Herzog also criticized the Netanyahu’s government for being too soft on the Gaza Strip, where he claims the government is only bombing empty spaces rather than human beings.

“That is the kind of co-existence that is possible right now,” Herzog told the crowd, as if Zilberstein and Yaniv themselves wrote the speech. There is nothing “new” in Herzog’s vision — upon closer examination it looks to be the Netanyahu doctrine on steroids. More than that, however, it is reminder not only that the Israeli Left has never fully recovered from Barak’s self-sabotage, but that it has played a crucial role — perhaps just as crucial as the Right — in burying any chances for the two-state solution.

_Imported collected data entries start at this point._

(* For every parsummable category $\mathcal C$ (and the fixed injection $\phi\colon\omega\times\omega\to\omega$), the functor $S_{\mathcal C}\colon\Theta(\mathcal C)\to\mathcal C$ is an equivalence of categories. For varying $\mathcal C$, these functors form a natural transformation $\mathrm{forget}\circ\Theta\Rightarrow\mathrm{forget}$ of functors $\mathbf{ParSumCat}\to\mathbf{Cat}$, i.e. $S_{\mathcal D}\circ\Theta(F)=F\circ S_{\mathcal C}$ for every morphism $F\colon\mathcal C\to\mathcal D$ of parsummable categories.
   Context: Let $\omega=\{1,2,\dots\}$, $\mathbf m=\{1,\dots,m\}$, $\mathcal M$ the monoid of injections $\omega\to\omega$. A parsummable category is a small $E\mathcal M$-category (strict action of the chaotic category on $\mathcal M$; $u_*$ the action, $[v,u]\colon u_*\Rightarrow v_*$) all of whose objects have finite support (intersection of finite $A\subset\omega$ with $u_*X=X$ for all $u$ fixing $A$ pointwise), with an object $0$ of empty support and a strictly unital, associative, commutative, equivariant sum on disjointly supported pairs; morphisms ($\mathbf{ParSumCat}$) are equivariant functors preserving $0,+$; $\mathrm{forget}$ is the forgetful functor to $\mathbf{Cat}$. For a finite set $A$, injections $\phi,\phi'\colon A\times\omega\to\omega$ and $X_\bullet=(X_a)_{a\in A}$: $\phi_*(X_\bullet)=\sum_a\phi(a,-)_*(X_a)$, $[\phi',\phi]_{X_\bullet}=\sum_a[\phi'(a,-),\phi(a,-)]_{X_a}$. $\Sigma(\mathcal C)$ is the permutative category with objects finite sequences of objects of $\mathcal C$ (unit the empty sequence $\epsilon$), morphisms $(X_1,\dots,X_m)\to(Y_1,\dots,Y_n)$ classes $[\psi,f,\phi]$ (injections $\phi\colon\mathbf m\times\omega\to\omega$, $\psi\colon\mathbf n\times\omega\to\omega$, $f\colon\phi_*(X_\bullet)\to\psi_*(Y_\bullet)$) modulo $(\psi,f,\phi)\sim(\psi',[\psi',\psi]f[\phi,\phi'],\phi')$, composition $[\rho,g,\theta][\psi,f,\phi]=[\rho,g[\theta,\psi]f,\phi]$, tensor product concatenation and $[\psi,f,\phi]\otimes[\rho,g,\theta]=[\psi+\rho,f+g,\phi+\theta]$ for disjoint-image representatives, symmetry $[\bar\phi,\mathrm{id},\phi]$; $\Sigma(F)$ applies $F$ entrywise and sends $[\psi,f,\phi]$ to $[\psi,Ff,\phi]$. For a small permutative category $\mathscr P$, $\Phi(\mathscr P)$ is the parsummable category of sequences $(P_1,P_2,\dots)$ with almost all $P_i=\mathbf 1$, morphisms $P\to Q$ being morphisms $\bigotimes_iP_i\to\bigotimes_iQ_i$ in $\mathscr P$; $\Phi(F)$ applies $F$ entrywise and on morphisms. $\Theta(\mathcal C)$ is the full parsummable subcategory of $\Phi\Sigma(\mathcal C)$ on sequences each of whose entries is $\epsilon$ or a $1$-tuple; $\Theta$ is a subfunctor of $\Phi\Sigma$. For finite $A\subset\omega$ and $X_\bullet=(X_a)_{a\in A}$, $\langle A,X_\bullet\rangle$ has $i$-th entry $(X_i)$ for $i\in A$ and $\epsilon$ otherwise; every object of $\Theta(\mathcal C)$ is uniquely of this form. With $\kappa_A\colon\{1,\dots,|A|\}\to A$ the order-preserving bijection and $\kappa_A^*X_\bullet=(X_{\kappa_A(1)},\dots,X_{\kappa_A(|A|)})$, a morphism $\langle A,X_\bullet\rangle\to\langle B,Y_\bullet\rangle$ in $\Theta(\mathcal C)$ is a morphism $\kappa_A^*X_\bullet\to\kappa_B^*Y_\bullet$ in $\Sigma(\mathcal C)$. Fix an injection $\phi\colon\omega\times\omega\to\omega$. $S_{\mathcal C}\langle A,X_\bullet\rangle=(\phi|_A)_*(X_\bullet)$ ($\phi|_A$ the restriction to $A\times\omega$); a morphism $\alpha$ has a unique representative $(\phi|_B\circ(\kappa_B\times\mathrm{id}),f,\phi|_A\circ(\kappa_A\times\mathrm{id}))$ and $S_{\mathcal C}(\alpha)=f$; this is a well-defined functor $\Theta(\mathcal C)\to\mathcal C$. *)

From Stdlib Require Import ClassicalEpsilon Relation_Operators.
From mathcomp Require Import all_boot.
(* Let $\mathfrak{g}$ be a nilpotent real Lie algebra endowed with a complex structure $J$. If the center $\xi$ of $\mathfrak{g}$ is not $J$-invariant, then $(\mathfrak{g},J)$ does not admit any SKT inner product.
   Context: A complex structure on $\mathfrak{g}$ is $J$ with $J^2=-\mathrm{Id}$ and $[X,Y]-[JX,JY]+J[JX,Y]+J[X,JY]=0$. A $J$-compatible inner product $g$ (i.e. $g(JX,JY)=g(X,Y)$) is SKT if the $3$-form $c(X,Y,Z)=-g([JX,JY],Z)-g([JY,JZ],X)-g([JZ,JX],Y)$ is closed under the Chevalley–Eilenberg differential, equivalently if the fundamental form $\omega=g(J\cdot,\cdot)$ satisfies $\partial\bar\partial\omega=0$. *)

From mathcomp Require Import all_boot all_order all_algebra.
From mathcomp Require Import reals.
Set Implicit Arguments. Unset Strict Implicit. Unset Printing Implicit Defensive.
Import Order.TTheory GRing.Theory Num.Theory.
Local Open Scope ring_scope.

(* A finite-dimensional real Lie algebra is modelled as R^n = 'rV[R]_n with a
   bracket br.  Endomorphisms (J) and bilinear forms (G) are n x n matrices;
   a linear map J acts on row vectors by X |-> X *m J. *)

Record is_lie_bracket (R : nzRingType) (n : nat)
    (br : 'rV[R]_n -> 'rV[R]_n -> 'rV[R]_n) : Prop := {
  br_linl : forall (a : R) x y z, br (a *: x + y) z = a *: br x z + br y z;
  br_linr : forall (a : R) x y z, br z (a *: x + y) = a *: br z x + br z y;
  br_alt : forall x, br x x = 0;
  br_jacobi : forall x y z,
    br x (br y z) + br y (br z x) + br z (br x y) = 0 }.

(* Nilpotent: some iterated bracket ad_{x_1} ... ad_{x_k} vanishes identically,
   i.e. the k-th term of the lower central series is zero. *)
Definition lie_nilpotent (R : nzRingType) (n : nat)
    (br : 'rV[R]_n -> 'rV[R]_n -> 'rV[R]_n) : Prop :=
  exists k : nat, forall (s : seq 'rV[R]_n) (y : 'rV[R]_n),
    size s = k -> foldr br y s = 0.

Definition in_center (R : nzRingType) (n : nat)
    (br : 'rV[R]_n -> 'rV[R]_n -> 'rV[R]_n) (z : 'rV[R]_n) : Prop :=
  forall x, br z x = 0.

Definition center_J_invariant (R : nzRingType) (n : nat)
    (br : 'rV[R]_n -> 'rV[R]_n -> 'rV[R]_n) (J : 'M[R]_n) : Prop :=
  forall z, in_center br z -> in_center br (z *m J).

(* Complex structure: J^2 = -Id and vanishing Nijenhuis tensor. *)
Definition complex_structure (R : nzRingType) (n : nat)
    (br : 'rV[R]_n -> 'rV[R]_n -> 'rV[R]_n) (J : 'M[R]_n) : Prop :=
  J *m J = - 1%:M /\
  forall X Y, br X Y - br (X *m J) (Y *m J)
              + br (X *m J) Y *m J + br X (Y *m J) *m J = 0.

Definition bform (R : nzRingType) (n : nat) (G : 'M[R]_n) (x y : 'rV[R]_n) : R :=
  (x *m G *m y^T) ord0 ord0.

Definition is_inner_product (R : numDomainType) (n : nat) (G : 'M[R]_n) : Prop :=
  G^T = G /\ forall x : 'rV[R]_n, x != 0 -> 0 < bform G x x.

Definition J_compatible (R : nzRingType) (n : nat) (J G : 'M[R]_n) : Prop :=
  forall X Y, bform G (X *m J) (Y *m J) = bform G X Y.

Definition torsion3 (R : nzRingType) (n : nat)
    (br : 'rV[R]_n -> 'rV[R]_n -> 'rV[R]_n) (J G : 'M[R]_n)
    (X Y Z : 'rV[R]_n) : R :=
  - bform G (br (X *m J) (Y *m J)) Z
  - bform G (br (Y *m J) (Z *m J)) X
  - bform G (br (Z *m J) (X *m J)) Y.

(* Chevalley--Eilenberg differential of a 3-form (trivial coefficients):
   dw(X0,..,X3) = sum_{i<j} (-1)^{i+j} w([Xi,Xj], X0,..^i..^j..,X3) *)
Definition CE_d3 (R : nzRingType) (n : nat)
    (br : 'rV[R]_n -> 'rV[R]_n -> 'rV[R]_n)
    (w : 'rV[R]_n -> 'rV[R]_n -> 'rV[R]_n -> R)
    (X0 X1 X2 X3 : 'rV[R]_n) : R :=
  - w (br X0 X1) X2 X3 + w (br X0 X2) X1 X3 - w (br X0 X3) X1 X2
  - w (br X1 X2) X0 X3 + w (br X1 X3) X0 X2 - w (br X2 X3) X0 X1.

Definition is_SKT (R : numDomainType) (n : nat)
    (br : 'rV[R]_n -> 'rV[R]_n -> 'rV[R]_n) (J G : 'M[R]_n) : Prop :=
  [/\ is_inner_product G, J_compatible J G &
      forall X0 X1 X2 X3, CE_d3 br (torsion3 br J G) X0 X1 X2 X3 = 0].

From mathcomp Require Import all_boot all_order all_algebra.
From mathcomp Require Import reals.
From Stdlib Require Import Classical.
Set Implicit Arguments. Unset Strict Implicit. Unset Printing Implicit Defensive.
Import Order.TTheory GRing.Theory Num.Theory.
Local Open Scope ring_scope.

(* Pick Z central with W := JZ not central.  Vanishing of the Nijenhuis
   tensor on (Z, X) says that ad_W commutes with J, and nilpotency provides Y
   with P := [W, Y] <> 0 while [W, [x, Y]] = 0 for every x.  Evaluating dc on
   (Z, JZ, Y, JY), all terms cancel (the two surviving g([Y, JP], Z) terms by
   the Jacobi identity) except -2 g(P, P), which positivity forbids. *)

Section Bform.
Variables (R : nzRingType) (n : nat) (G : 'M[R]_n).

Lemma bform0l y : bform G 0 y = 0.
Proof. by rewrite /bform !mul0mx mxE. Qed.

Lemma bform0r x : bform G x 0 = 0.
Proof. by rewrite /bform trmx0 mulmx0 mxE. Qed.

Lemma bformNl x y : bform G (- x) y = - bform G x y.
Proof. by rewrite /bform !mulNmx mxE. Qed.

End Bform.

Section LieBracket.
Variables (R : nzRingType) (n : nat) (br : 'rV[R]_n -> 'rV[R]_n -> 'rV[R]_n).
Hypothesis Hbr : is_lie_bracket br.

Lemma brDl x y z : br (x + y) z = br x z + br y z.
Proof. by have := br_linl Hbr 1 x y z; rewrite !scale1r. Qed.

Lemma brDr x y z : br z (x + y) = br z x + br z y.
Proof. by have := br_linr Hbr 1 x y z; rewrite !scale1r. Qed.

Lemma br0l z : br 0 z = 0.
Proof. by apply/(addrI (br 0 z)); rewrite -brDl !addr0. Qed.

Lemma br0r z : br z 0 = 0.
Proof. by apply/(addrI (br z 0)); rewrite -brDr !addr0. Qed.

Lemma brNl x z : br (- x) z = - br x z.
Proof. by have := br_linl Hbr (-1) x 0 z; rewrite addr0 br0l addr0 !scaleN1r. Qed.

Lemma brNr x z : br z (- x) = - br z x.
Proof. by have := br_linr Hbr (-1) x 0 z; rewrite addr0 br0r addr0 !scaleN1r. Qed.

Lemma brC x y : br x y = - br y x.
Proof.
apply/eqP; rewrite -addr_eq0.
by have := br_alt Hbr (x + y); rewrite brDl !brDr !(br_alt Hbr) add0r addr0 => ->.
Qed.

End LieBracket.

Lemma nilpotent_ad_last (R : nzRingType) (n : nat)
    (br : 'rV[R]_n -> 'rV[R]_n -> 'rV[R]_n) (f : 'rV[R]_n -> 'rV[R]_n) x0 :
  lie_nilpotent br -> f 0 = 0 -> f x0 != 0 ->
  exists Y, f Y != 0 /\ forall x, f (br x Y) = 0.
Proof.
move=> [k nil_k] f0 fx0; apply: NNPP => noY.
have long j : exists s y, size s = j /\ f (foldr br y s) != 0.
  elim: j => [|j [s [y [<- fsy]]]]; first by exists [::], x0.
  have [x fxs] : exists x, f (br x (foldr br y s)) != 0.
    apply: NNPP => allx; apply: noY; exists (foldr br y s); split=> // x.
    by apply: NNPP => fx; apply: allx; exists x; apply/eqP.
  by exists (x :: s), y.
by have [s [y [/nil_k ->]]] := long k; rewrite f0 eqxx.
Qed.

Lemma center_not_J_invariant (R : nzRingType) (n : nat)
    (br : 'rV[R]_n -> 'rV[R]_n -> 'rV[R]_n) (J : 'M[R]_n) :
  ~ center_J_invariant br J ->
  exists Z x, in_center br Z /\ br (Z *m J) x != 0.
Proof.
move=> notinv; apply: NNPP => noZ; apply: notinv => Z HZ x.
by apply: NNPP => WZx; apply: noZ; exists Z, x; split=> //; apply/eqP.
Qed.

Section CentralTorsion.
Variables (R : nzRingType) (n : nat) (br : 'rV[R]_n -> 'rV[R]_n -> 'rV[R]_n).
Variables (J : 'M[R]_n) (Z : 'rV[R]_n).
Hypotheses (Hbr : is_lie_bracket br) (HJ : complex_structure br J).
Hypothesis HZ : in_center br Z.

Local Notation W := (Z *m J).

Lemma mulmxJJ (X : 'rV[R]_n) : X *m J *m J = - X.
Proof. by rewrite -mulmxA HJ.1 mulmxN mulmx1. Qed.

Lemma br_center_J X : br W (X *m J) = br W X *m J.
Proof.
have := HJ.2 Z X; rewrite !HZ mul0mx sub0r addr0 addrC.
by move/eqP; rewrite subr_eq0 => /eqP.
Qed.

Lemma br_centerr X : br X Z = 0.
Proof. by rewrite (brC Hbr) HZ oppr0. Qed.

Variables (G : 'M[R]_n) (Y : 'rV[R]_n).
Hypothesis HG : J_compatible J G.
Hypothesis HY : forall x, br W (br x Y) = 0.

Lemma CE_d3_torsion_center :
  CE_d3 br (torsion3 br J G) Z W Y (Y *m J)
  = - (bform G (br W Y) (br W Y) *+ 2).
Proof.
set V := Y *m J; set P := br W Y.
have WP : br W P = 0 := HY W.
have WPJ : br W (P *m J) = 0 by rewrite br_center_J WP mul0mx.
have WU : br W (br Y V) = 0 by rewrite (brC Hbr Y) (brNr Hbr) HY oppr0.
have WUJ : br W (br Y V *m J) = 0 by rewrite br_center_J WU mul0mx.
have WV : br W V = P *m J := br_center_J Y.
have jacobi : br V P = br Y (P *m J).
  have := br_jacobi Hbr W Y V; rewrite WU add0r (brC Hbr V W) WV (brNr Hbr) addrC.
  by move/eqP; rewrite subr_eq0 => /eqP.
rewrite /CE_d3 /torsion3 -/V !HZ !mul0mx !(br0l Hbr) !(br0r Hbr) !bform0l !bform0r.
rewrite -/P !mulmxJJ WV !mulmxJJ HG !(brNl Hbr) !(brNr Hbr) br_centerr HZ.
rewrite !(brC Hbr _ W) WPJ WUJ -/P WP jacobi.
rewrite !bformNl !(oppr0, bform0l, subr0, sub0r, opprK).
by rewrite !(addr0, add0r, subr0) opprD addrACA addNr addr0 mulr2n opprD.
Qed.

End CentralTorsion.

Theorem proposition3p5 (R : realType) (n : nat)
    (br : 'rV[R]_n -> 'rV[R]_n -> 'rV[R]_n) (J : 'M[R]_n) :
  is_lie_bracket br -> lie_nilpotent br -> complex_structure br J ->
  ~ center_J_invariant br J ->
  forall G : 'M[R]_n, ~ is_SKT br J G.
Proof.
move=> Hbr nil HJ notinv G [[_ Gpos] HG closed].
have [Z [x0 [HZ WZx0]]] := center_not_J_invariant notinv.
have [Y [PY HY]] := nilpotent_ad_last nil (br0r Hbr _) WZx0.
have := closed Z (Z *m J) Y (Y *m J).
rewrite (CE_d3_torsion_center Hbr HJ HZ HG HY) => /eqP.
by rewrite oppr_eq0 mulrn_eq0 /= (gt_eqF (Gpos _ PY)).
Qed.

One couldn’t help but laugh along with Prime Minister Netanyahu last week when he mocked Herzog in the Knesset plenum: “Good morning Buji, I’m glad you have woken up. Good morning Labor, welcome to the Middle East. The alarm clock has rung and maybe you’re beginning to understand where we live.”

In some sense, one can chalk up Netanyahu’s seemingly endless grip on the premiership to the groundwork laid years ago by Herzog’s own party. Instead of proposing a real end to Israel’s military dictatorship in the West Bank, Herzog proposes a plan built on 15-year-old stilts made of spin that should have collapsed long ago. Instead of calling on his opposition to put up a fight against ethnic separation, Herzog and his party have doubled down and adopted the “no partner” adage in a cynical attempt to sway voters away from Netanyahu.

When it comes to received political wisdom, narrative nearly always wins over facts. But for those who believe Palestinians and Israelis can live in this land as equals, the truth is essential. And when our so-called leaders — the ones who call themselves “leftists” — try to convince us otherwise with spin and lies, it’s on us to fight back.